**About this exercise**
Reproduce, exactly and in full, only the lines below from the one containing "Proof. exact: mulVmx (spectral_unit A). Qed." through the one containing "Lemma lin_functional_shift_exp c".

= Beginning of Section =

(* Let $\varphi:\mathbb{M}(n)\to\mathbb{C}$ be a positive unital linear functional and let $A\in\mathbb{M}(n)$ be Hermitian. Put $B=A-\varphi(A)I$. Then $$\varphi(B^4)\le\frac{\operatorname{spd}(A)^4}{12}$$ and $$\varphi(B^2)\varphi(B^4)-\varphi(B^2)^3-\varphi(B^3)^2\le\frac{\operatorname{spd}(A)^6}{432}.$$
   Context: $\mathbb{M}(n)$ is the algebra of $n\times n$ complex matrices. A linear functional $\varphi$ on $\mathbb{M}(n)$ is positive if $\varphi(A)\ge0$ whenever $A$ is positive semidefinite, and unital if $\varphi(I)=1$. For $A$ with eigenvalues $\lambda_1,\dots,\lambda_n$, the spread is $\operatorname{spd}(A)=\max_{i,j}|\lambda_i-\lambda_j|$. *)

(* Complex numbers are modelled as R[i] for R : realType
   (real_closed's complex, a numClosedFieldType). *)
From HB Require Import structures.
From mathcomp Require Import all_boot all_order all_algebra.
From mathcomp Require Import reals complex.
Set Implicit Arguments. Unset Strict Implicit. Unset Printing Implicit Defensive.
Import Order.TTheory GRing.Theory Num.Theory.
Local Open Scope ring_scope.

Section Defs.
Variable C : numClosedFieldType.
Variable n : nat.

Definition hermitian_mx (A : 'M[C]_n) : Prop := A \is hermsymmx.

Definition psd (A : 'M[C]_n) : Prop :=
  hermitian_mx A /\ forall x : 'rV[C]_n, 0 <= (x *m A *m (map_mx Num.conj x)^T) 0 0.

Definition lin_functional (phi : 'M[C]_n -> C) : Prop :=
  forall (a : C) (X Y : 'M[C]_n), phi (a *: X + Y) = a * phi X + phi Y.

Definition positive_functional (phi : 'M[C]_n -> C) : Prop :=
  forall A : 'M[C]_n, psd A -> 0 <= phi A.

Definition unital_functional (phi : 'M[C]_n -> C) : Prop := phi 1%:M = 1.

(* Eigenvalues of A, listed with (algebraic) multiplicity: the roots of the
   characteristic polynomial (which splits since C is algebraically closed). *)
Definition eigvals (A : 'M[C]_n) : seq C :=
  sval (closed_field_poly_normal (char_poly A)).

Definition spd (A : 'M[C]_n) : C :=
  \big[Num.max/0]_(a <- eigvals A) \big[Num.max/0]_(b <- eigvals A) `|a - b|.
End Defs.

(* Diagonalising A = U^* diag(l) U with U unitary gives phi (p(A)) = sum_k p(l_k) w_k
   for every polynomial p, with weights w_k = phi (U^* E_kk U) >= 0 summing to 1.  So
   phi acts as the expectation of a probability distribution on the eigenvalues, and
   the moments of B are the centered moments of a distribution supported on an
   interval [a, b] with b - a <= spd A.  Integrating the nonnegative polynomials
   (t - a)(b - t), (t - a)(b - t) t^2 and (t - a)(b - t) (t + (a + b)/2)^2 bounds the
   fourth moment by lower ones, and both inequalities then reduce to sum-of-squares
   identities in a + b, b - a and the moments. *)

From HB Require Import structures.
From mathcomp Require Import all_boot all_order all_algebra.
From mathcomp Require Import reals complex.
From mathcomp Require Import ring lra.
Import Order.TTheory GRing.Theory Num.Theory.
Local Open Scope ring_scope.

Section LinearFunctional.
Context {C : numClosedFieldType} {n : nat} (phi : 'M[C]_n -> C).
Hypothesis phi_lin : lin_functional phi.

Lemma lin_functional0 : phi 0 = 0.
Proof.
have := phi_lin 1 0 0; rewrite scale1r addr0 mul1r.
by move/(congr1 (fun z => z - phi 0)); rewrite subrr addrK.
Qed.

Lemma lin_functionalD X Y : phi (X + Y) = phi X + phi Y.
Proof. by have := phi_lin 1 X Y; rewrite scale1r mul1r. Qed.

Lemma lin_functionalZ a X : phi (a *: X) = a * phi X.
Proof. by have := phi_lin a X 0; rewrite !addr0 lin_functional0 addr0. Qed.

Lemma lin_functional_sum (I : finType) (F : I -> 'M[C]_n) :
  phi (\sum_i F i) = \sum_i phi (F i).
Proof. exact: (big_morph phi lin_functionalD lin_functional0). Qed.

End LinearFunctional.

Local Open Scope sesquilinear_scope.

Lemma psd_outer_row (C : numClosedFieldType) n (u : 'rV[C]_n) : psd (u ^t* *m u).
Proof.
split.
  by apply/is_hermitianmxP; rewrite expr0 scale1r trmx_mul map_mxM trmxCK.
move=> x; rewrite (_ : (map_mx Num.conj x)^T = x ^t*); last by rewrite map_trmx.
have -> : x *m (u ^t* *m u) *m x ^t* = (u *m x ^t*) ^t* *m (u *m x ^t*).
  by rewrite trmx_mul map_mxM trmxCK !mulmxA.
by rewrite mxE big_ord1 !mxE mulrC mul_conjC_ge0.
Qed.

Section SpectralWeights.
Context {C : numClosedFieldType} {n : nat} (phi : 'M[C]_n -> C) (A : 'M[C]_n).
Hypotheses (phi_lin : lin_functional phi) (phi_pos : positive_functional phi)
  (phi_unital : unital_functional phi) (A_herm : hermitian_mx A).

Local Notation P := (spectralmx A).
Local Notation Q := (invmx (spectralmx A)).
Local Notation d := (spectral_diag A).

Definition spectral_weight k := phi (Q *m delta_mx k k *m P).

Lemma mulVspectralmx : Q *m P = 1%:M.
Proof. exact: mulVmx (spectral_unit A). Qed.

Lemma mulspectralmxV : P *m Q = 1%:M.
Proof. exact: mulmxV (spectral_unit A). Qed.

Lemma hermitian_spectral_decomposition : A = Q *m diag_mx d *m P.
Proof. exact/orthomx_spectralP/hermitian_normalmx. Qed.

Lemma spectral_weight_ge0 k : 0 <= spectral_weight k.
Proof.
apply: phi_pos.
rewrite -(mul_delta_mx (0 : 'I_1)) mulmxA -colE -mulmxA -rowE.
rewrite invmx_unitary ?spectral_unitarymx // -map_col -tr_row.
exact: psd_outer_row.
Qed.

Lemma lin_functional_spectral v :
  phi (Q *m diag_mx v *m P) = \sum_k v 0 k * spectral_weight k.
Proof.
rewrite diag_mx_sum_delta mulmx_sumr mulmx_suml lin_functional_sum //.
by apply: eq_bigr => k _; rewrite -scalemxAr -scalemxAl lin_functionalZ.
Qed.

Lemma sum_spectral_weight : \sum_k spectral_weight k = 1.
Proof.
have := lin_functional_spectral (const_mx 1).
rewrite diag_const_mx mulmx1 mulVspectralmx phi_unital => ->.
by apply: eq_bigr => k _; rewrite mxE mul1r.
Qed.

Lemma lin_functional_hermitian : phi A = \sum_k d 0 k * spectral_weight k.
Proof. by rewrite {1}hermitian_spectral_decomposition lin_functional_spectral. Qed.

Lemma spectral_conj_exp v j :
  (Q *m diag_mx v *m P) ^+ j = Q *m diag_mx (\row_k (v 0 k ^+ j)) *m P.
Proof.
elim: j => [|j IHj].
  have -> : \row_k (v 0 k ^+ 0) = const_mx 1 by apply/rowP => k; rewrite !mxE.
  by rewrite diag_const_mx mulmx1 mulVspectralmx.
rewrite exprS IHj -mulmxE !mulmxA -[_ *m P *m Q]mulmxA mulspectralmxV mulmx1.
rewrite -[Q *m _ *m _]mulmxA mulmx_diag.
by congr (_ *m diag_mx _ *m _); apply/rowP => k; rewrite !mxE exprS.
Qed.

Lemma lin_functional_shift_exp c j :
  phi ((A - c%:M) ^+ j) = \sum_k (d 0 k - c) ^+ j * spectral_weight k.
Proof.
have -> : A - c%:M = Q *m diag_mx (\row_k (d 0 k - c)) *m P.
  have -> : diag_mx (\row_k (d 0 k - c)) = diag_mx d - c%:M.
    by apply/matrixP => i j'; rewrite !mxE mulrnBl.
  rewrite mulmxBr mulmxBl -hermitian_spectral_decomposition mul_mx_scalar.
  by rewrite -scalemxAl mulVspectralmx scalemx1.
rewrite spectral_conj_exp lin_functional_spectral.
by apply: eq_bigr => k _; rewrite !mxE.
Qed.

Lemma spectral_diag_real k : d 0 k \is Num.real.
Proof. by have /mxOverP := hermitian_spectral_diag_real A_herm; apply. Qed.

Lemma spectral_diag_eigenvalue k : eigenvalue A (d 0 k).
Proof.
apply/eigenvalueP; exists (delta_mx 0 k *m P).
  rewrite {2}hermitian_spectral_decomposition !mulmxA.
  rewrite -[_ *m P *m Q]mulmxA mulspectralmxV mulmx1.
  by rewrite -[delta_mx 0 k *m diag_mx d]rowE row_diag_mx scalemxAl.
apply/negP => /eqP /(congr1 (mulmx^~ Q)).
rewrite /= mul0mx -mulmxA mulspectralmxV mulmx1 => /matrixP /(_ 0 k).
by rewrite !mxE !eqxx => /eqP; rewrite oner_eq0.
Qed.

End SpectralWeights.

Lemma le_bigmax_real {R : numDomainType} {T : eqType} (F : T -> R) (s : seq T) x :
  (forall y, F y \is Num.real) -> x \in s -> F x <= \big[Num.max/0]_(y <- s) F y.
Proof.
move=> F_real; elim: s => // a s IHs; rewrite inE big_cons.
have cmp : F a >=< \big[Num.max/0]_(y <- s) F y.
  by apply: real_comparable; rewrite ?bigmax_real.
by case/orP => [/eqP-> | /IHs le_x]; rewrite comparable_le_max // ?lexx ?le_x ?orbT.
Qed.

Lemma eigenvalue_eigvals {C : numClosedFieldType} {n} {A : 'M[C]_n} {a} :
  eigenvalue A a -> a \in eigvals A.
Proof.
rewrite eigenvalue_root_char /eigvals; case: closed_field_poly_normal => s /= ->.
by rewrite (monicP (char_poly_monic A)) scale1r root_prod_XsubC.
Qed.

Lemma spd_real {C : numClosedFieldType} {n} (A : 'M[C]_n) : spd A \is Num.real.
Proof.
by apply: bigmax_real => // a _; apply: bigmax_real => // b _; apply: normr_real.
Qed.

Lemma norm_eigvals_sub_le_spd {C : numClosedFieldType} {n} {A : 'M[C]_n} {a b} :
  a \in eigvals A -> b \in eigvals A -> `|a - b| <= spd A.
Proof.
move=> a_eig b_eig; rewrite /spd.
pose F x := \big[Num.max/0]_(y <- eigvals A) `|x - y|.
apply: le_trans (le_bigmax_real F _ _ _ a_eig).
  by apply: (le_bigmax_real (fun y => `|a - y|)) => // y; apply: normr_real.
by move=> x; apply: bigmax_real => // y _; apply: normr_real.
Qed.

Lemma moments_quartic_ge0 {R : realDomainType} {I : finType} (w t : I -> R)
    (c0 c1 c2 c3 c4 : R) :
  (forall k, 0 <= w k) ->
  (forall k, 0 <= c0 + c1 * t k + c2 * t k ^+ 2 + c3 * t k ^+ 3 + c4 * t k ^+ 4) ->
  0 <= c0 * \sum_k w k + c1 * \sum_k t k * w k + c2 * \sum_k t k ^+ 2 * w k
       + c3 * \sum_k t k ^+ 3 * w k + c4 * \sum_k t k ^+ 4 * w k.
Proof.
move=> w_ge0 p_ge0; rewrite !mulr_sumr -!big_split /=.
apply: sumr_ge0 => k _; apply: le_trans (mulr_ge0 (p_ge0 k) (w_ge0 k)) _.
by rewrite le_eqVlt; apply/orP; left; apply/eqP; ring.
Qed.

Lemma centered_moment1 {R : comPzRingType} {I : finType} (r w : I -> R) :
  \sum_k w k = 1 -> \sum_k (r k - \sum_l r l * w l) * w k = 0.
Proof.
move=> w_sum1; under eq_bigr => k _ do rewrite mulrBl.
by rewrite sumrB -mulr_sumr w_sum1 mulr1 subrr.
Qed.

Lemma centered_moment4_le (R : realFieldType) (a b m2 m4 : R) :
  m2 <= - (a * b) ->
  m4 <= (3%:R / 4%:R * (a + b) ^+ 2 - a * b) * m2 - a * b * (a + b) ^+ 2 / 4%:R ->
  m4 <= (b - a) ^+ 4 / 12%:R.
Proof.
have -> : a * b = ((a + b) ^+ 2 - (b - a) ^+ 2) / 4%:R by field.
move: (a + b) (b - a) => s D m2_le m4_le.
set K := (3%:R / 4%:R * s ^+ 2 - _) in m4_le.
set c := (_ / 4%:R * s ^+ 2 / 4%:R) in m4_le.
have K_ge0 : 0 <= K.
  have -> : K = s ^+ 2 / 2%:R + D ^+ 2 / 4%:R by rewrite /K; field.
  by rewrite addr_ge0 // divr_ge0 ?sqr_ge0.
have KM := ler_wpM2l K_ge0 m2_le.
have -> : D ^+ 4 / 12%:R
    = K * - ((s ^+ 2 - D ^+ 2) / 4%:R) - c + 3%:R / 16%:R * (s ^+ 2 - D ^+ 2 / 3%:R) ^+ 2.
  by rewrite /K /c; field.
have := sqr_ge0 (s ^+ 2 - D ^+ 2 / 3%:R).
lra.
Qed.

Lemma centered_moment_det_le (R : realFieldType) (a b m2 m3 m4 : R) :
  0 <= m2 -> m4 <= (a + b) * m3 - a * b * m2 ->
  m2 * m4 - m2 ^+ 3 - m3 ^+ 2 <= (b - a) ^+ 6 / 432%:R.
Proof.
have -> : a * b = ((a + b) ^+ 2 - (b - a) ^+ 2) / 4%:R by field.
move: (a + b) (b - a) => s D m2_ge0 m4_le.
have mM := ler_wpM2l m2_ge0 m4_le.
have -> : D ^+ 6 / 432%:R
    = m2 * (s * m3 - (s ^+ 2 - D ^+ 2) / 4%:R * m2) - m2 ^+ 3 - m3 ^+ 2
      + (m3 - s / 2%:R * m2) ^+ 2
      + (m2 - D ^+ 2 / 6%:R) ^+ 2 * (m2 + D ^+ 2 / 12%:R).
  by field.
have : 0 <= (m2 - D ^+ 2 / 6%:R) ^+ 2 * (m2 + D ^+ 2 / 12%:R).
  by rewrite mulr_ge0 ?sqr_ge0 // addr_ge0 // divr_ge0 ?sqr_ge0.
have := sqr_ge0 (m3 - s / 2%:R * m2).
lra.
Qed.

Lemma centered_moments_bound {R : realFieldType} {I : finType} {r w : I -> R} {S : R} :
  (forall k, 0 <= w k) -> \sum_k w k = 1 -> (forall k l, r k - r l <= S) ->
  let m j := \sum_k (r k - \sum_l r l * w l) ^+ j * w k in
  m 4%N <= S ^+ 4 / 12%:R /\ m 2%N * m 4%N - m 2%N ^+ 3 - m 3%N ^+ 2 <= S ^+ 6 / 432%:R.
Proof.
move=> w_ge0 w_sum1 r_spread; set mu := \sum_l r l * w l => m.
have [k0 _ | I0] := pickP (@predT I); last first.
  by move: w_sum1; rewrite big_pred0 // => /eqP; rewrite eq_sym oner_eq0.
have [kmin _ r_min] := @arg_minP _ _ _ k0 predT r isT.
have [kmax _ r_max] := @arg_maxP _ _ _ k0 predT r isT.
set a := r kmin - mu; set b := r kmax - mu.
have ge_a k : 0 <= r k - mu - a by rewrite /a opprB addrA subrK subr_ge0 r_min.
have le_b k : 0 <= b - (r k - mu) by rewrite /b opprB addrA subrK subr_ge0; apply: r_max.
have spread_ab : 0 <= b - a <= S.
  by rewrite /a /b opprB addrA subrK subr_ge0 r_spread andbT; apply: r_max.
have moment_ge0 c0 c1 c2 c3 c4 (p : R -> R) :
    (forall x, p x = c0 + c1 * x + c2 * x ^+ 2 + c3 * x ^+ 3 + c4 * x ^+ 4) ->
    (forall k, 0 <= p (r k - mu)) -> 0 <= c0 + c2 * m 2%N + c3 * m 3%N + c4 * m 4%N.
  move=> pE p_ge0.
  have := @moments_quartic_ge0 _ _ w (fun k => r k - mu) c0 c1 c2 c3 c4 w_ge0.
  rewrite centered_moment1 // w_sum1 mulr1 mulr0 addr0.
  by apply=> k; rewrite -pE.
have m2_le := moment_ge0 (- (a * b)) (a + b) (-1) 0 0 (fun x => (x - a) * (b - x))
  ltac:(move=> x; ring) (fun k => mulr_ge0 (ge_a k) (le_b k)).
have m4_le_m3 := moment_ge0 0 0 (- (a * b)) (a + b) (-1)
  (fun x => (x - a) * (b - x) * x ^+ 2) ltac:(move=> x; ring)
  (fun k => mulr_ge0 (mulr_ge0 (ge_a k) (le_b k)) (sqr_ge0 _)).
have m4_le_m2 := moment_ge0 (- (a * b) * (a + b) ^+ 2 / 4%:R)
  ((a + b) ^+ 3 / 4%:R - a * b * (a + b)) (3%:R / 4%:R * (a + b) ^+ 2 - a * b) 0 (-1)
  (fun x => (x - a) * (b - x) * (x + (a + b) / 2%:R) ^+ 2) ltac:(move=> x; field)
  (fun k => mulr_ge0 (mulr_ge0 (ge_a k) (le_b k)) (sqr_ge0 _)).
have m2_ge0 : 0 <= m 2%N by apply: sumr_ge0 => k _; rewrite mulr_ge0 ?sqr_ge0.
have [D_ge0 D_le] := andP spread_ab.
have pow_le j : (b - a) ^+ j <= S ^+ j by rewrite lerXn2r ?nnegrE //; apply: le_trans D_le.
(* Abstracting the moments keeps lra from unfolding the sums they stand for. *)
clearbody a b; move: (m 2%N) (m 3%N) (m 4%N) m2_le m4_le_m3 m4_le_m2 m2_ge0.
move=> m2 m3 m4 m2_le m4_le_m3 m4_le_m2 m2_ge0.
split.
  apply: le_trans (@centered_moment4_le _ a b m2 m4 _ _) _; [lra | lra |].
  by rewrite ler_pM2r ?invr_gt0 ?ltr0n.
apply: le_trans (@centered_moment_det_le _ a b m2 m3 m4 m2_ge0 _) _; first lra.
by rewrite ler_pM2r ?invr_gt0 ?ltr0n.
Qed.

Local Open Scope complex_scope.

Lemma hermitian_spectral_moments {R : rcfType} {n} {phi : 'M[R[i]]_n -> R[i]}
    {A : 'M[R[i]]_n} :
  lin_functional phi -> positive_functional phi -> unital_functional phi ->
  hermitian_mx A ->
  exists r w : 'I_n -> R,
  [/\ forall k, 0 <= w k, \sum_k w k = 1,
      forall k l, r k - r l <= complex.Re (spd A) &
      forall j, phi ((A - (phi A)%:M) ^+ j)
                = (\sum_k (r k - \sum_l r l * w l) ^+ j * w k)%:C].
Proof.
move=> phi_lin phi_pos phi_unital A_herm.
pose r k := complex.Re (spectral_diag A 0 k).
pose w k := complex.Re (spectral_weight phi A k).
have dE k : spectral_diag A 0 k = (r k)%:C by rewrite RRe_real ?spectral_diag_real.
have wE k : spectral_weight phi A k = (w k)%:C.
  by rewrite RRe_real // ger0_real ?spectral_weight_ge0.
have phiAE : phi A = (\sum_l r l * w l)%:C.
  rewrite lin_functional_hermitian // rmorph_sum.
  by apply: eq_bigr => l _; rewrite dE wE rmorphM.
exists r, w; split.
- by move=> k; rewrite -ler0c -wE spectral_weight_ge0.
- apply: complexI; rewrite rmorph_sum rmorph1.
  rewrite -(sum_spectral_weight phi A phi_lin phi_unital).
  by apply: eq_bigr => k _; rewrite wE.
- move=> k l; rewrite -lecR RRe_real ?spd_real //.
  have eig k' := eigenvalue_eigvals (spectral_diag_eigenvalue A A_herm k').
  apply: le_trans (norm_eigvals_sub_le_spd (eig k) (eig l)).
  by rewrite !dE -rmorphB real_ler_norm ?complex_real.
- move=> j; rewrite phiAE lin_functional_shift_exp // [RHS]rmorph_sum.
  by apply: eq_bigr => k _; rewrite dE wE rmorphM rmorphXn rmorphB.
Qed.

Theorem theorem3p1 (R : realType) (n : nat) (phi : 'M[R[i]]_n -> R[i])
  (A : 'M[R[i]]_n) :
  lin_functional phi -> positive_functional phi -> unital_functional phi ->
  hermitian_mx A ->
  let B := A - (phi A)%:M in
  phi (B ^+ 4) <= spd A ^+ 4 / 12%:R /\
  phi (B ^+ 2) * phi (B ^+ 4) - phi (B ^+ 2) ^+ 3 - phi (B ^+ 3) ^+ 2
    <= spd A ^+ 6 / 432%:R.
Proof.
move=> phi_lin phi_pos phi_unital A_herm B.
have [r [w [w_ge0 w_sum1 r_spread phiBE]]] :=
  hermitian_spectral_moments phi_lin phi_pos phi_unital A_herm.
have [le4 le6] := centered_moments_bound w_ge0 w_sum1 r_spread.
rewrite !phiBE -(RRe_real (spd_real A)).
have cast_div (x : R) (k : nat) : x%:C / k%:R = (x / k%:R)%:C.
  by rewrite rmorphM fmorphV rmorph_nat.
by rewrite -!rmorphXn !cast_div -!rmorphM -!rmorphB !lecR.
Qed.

= End of Section =

**Answer for this exercise**
Proof. exact: mulVmx (spectral_unit A). Qed.

Lemma mulspectralmxV : P *m Q = 1%:M.
Proof. exact: mulmxV (spectral_unit A). Qed.

Lemma hermitian_spectral_decomposition : A = Q *m diag_mx d *m P.
Proof. exact/orthomx_spectralP/hermitian_normalmx. Qed.

Lemma spectral_weight_ge0 k : 0 <= spectral_weight k.
Proof.
apply: phi_pos.
rewrite -(mul_delta_mx (0 : 'I_1)) mulmxA -colE -mulmxA -rowE.
rewrite invmx_unitary ?spectral_unitarymx // -map_col -tr_row.
exact: psd_outer_row.
Qed.

Lemma lin_functional_spectral v :
  phi (Q *m diag_mx v *m P) = \sum_k v 0 k * spectral_weight k.
Proof.
rewrite diag_mx_sum_delta mulmx_sumr mulmx_suml lin_functional_sum //.
by apply: eq_bigr => k _; rewrite -scalemxAr -scalemxAl lin_functionalZ.
Qed.

Lemma sum_spectral_weight : \sum_k spectral_weight k = 1.
Proof.
have := lin_functional_spectral (const_mx 1).
rewrite diag_const_mx mulmx1 mulVspectralmx phi_unital => ->.
by apply: eq_bigr => k _; rewrite mxE mul1r.
Qed.

Lemma lin_functional_hermitian : phi A = \sum_k d 0 k * spectral_weight k.
Proof. by rewrite {1}hermitian_spectral_decomposition lin_functional_spectral. Qed.

Lemma spectral_conj_exp v j :
  (Q *m diag_mx v *m P) ^+ j = Q *m diag_mx (\row_k (v 0 k ^+ j)) *m P.
Proof.
elim: j => [|j IHj].
  have -> : \row_k (v 0 k ^+ 0) = const_mx 1 by apply/rowP => k; rewrite !mxE.
  by rewrite diag_const_mx mulmx1 mulVspectralmx.
rewrite exprS IHj -mulmxE !mulmxA -[_ *m P *m Q]mulmxA mulspectralmxV mulmx1.
rewrite -[Q *m _ *m _]mulmxA mulmx_diag.
by congr (_ *m diag_mx _ *m _); apply/rowP => k; rewrite !mxE exprS.
Qed.

Lemma lin_functional_shift_exp c j :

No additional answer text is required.